**LISTED RECORDS**
Lemma Csum_defect m j : (m >= 1)%nat -> (j <= m)%nat -> Csum (defect m) (S j) = defect_psum m j.
Proof.
  intros Hm. induction j as [|j IH]; intros Hj.
  - simpl Csum. unfold defect, defect_psum. rewrite !Nat.sub_0_r. simpl tri.
    pose proof (one_sub_Cpow_neq0 m Hm). pose proof (p_neq0 m). pose proof (p_neq0 (m + 0 + 1)).
    Cpow_expand. field. auto.
  - rewrite Csum_S, IH by lia. unfold defect, defect_psum.
    destruct (Nat.le_exists_sub (S j) m Hj) as [d [Hd _]]. subst m.
    replace (d + S j - j)%nat with (S d) by lia.
    replace (d + S j - S j)%nat with d by lia.
    replace (d + S j + j + 1)%nat with (S (d + j + j + 1)) by lia.
    replace (d + S j + S j + 1)%nat with (S (S (d + j + j + 1))) by lia.
    rewrite !qpoch_S.
    pose proof (one_sub_Cpow_neq0 (d + S j) ltac:(lia)) as N1.
    pose proof (p_neq0 d) as N2. pose proof (p_neq0 (d + j + j + 1)) as N3.
    pose proof (one_sub_Cpow_neq0 (S d) ltac:(lia)) as N4.
    pose proof (one_sub_Cpow_neq0 (S (S (d + j + j + 1))) ltac:(lia)) as N5.
    pose proof (one_sub_Cpow_neq0 (S (d + j + j + 1)) ltac:(lia)) as N6.
    simpl tri. rewrite !Csign_S.
    Cpow_expand. Cpow_expand_in N1. Cpow_expand_in N4. Cpow_expand_in N5. Cpow_expand_in N6.
    Cfield.
Qed.

Lemma Csum_defect_full m : (m >= 1)%nat -> Csum (defect m) (S m) = Czero.
Proof.
  intros Hm. rewrite Csum_defect by auto. unfold defect_psum.
  rewrite Nat.sub_diag. change (Cpow q 0) with Cone. unfold Cdiv. ring.
Qed.

Lemma bailey_term_step m r : (r <= m)%nat ->
  Csub (Cmul (Cdiv (alpha r) (Cmul (p (m - r)) (p (m + r + 1))))
             (Cmul (Cadd Cone (Cpow q m)) (Cadd Cone (Cpow q (S m)))))
       (Cdiv (Cmul (alpha r) (Cmul (Csub Cone (Cpow q (m - r))) (Csub Cone (Cpow q (m + r + 1)))))
             (Cmul (p (m - r)) (p (m + r + 1))))
  = Cmul (Cadd Cone Cone) (defect m r).
Proof.
  intros Hr. destruct (Nat.le_exists_sub r m Hr) as [e [He _]]. subst m.
  unfold alpha, defect. replace (e + r - r)%nat with e by lia.
  pose proof (p_neq0 e) as N1. pose proof (p_neq0 (e + r + r + 1)) as N2.
  pose proof (one_add_Cpow_neq0 r) as N3. pose proof (one_add_Cpow_neq0 (S r)) as N4.
  Cpow_expand. Cpow_expand_in N3. Cpow_expand_in N4. Cfield.
Qed.

Lemma bailey_pair_alpha_beta : bailey_pair alpha beta.
Proof.
  set (T := fun n r => Cdiv (alpha r) (Cmul (p (n - r)) (p (n + r + 1)))).
  intro n. change (beta n = Csum (T n) (S n)).
  induction n as [|n IH].
  - unfold T, beta, alpha. simpl Csum. simpl tri. simpl Nat.sub. simpl Nat.add.
    rewrite !qpoch_S. change (qpoch (Copp q) q 0) with Cone. change (qpoch q q 0) with Cone.
    change (Csign 0) with Cone. change (Cpow q 0) with Cone.
    pose proof (one_sub_Cpow_neq0 1 ltac:(lia)) as N1. pose proof (one_add_Cpow_neq0 1) as N2.
    Cpow_expand. Cpow_expand_in N1. Cpow_expand_in N2. Cfield.
  - set (X := Cmul (Cadd Cone (Cpow q (S n))) (Cadd Cone (Cpow q (S (S n))))).
    set (W := fun r => Cdiv (Cmul (alpha r) (Cmul (Csub Cone (Cpow q (S n - r))) (Csub Cone (Cpow q (S n + r + 1)))))
                            (Cmul (p (S n - r)) (p (S n + r + 1)))).
    assert (E1 : Csum (T n) (S n) = Csum W (S (S n))).
    { rewrite (Csum_S W (S n)). replace (W (S n)) with Czero.
      2:{ unfold W. rewrite Nat.sub_diag. change (Cpow q 0) with Cone. unfold Cdiv. ring. }
      rewrite Csum_ext_lt with (g := W). ring.
      intros r Hr. unfold W, T. replace (S n - r)%nat with (S (n - r)) by lia.
      replace (S n + r + 1)%nat with (S (n + r + 1)) by lia.
      rewrite !p_S. pose proof (p_neq0 (n - r)). pose proof (p_neq0 (n + r + 1)).
      pose proof (one_sub_Cpow_neq0 (S (n - r)) ltac:(lia)).
      pose proof (one_sub_Cpow_neq0 (S (n + r + 1)) ltac:(lia)).
      Cfield. }
    assert (E2 : Cmul (Csum (T (S n)) (S (S n))) X = beta n).
    { rewrite IH, E1, <- Csum_scal_r.
      enough (D : Csub (Csum (fun r => Cmul (T (S n) r) X) (S (S n))) (Csum W (S (S n))) = Czero).
      { replace (Csum (fun r => Cmul (T (S n) r) X) (S (S n)))
          with (Cadd (Csub (Csum (fun r => Cmul (T (S n) r) X) (S (S n))) (Csum W (S (S n))))
                     (Csum W (S (S n)))) by ring.
        rewrite D. ring. }
      rewrite <- Csum_sub.
      rewrite Csum_ext_lt with (g := fun r => Cmul (Cadd Cone Cone) (defect (S n) r)).
      - rewrite Csum_scal, Csum_defect_full by lia. ring.
      - intros r Hr. apply bailey_term_step. lia. }
    pose proof (one_add_Cpow_neq0 (S n)) as N1. pose proof (one_add_Cpow_neq0 (S (S n))) as N2.
    pose proof (pm_neq0 n) as N3.
    assert (HX : X <> Czero) by (apply Cmul_neq0; auto).
    replace (Csum (T (S n)) (S (S n))) with (Cdiv (beta n) X) by (rewrite <- E2; field; auto).
    unfold beta, X. rewrite !qpoch_S.
    Cpow_expand. Cpow_expand_in N1. Cpow_expand_in N2. Cfield.
Qed.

**TASK GOAL**
Retype the records above, but only those lines that fall between the line containing "intros Hm. induction" and the line containing "replace (d + S j - S", with both of those lines included, exactly as written.

**EXERCISE ANSWER**
  intros Hm. induction j as [|j IH]; intros Hj.
  - simpl Csum. unfold defect, defect_psum. rewrite !Nat.sub_0_r. simpl tri.
    pose proof (one_sub_Cpow_neq0 m Hm). pose proof (p_neq0 m). pose proof (p_neq0 (m + 0 + 1)).
    Cpow_expand. field. auto.
  - rewrite Csum_S, IH by lia. unfold defect, defect_psum.
    destruct (Nat.le_exists_sub (S j) m Hj) as [d [Hd _]]. subst m.
    replace (d + S j - j)%nat with (S d) by lia.
    replace (d + S j - S j)%nat with d by lia.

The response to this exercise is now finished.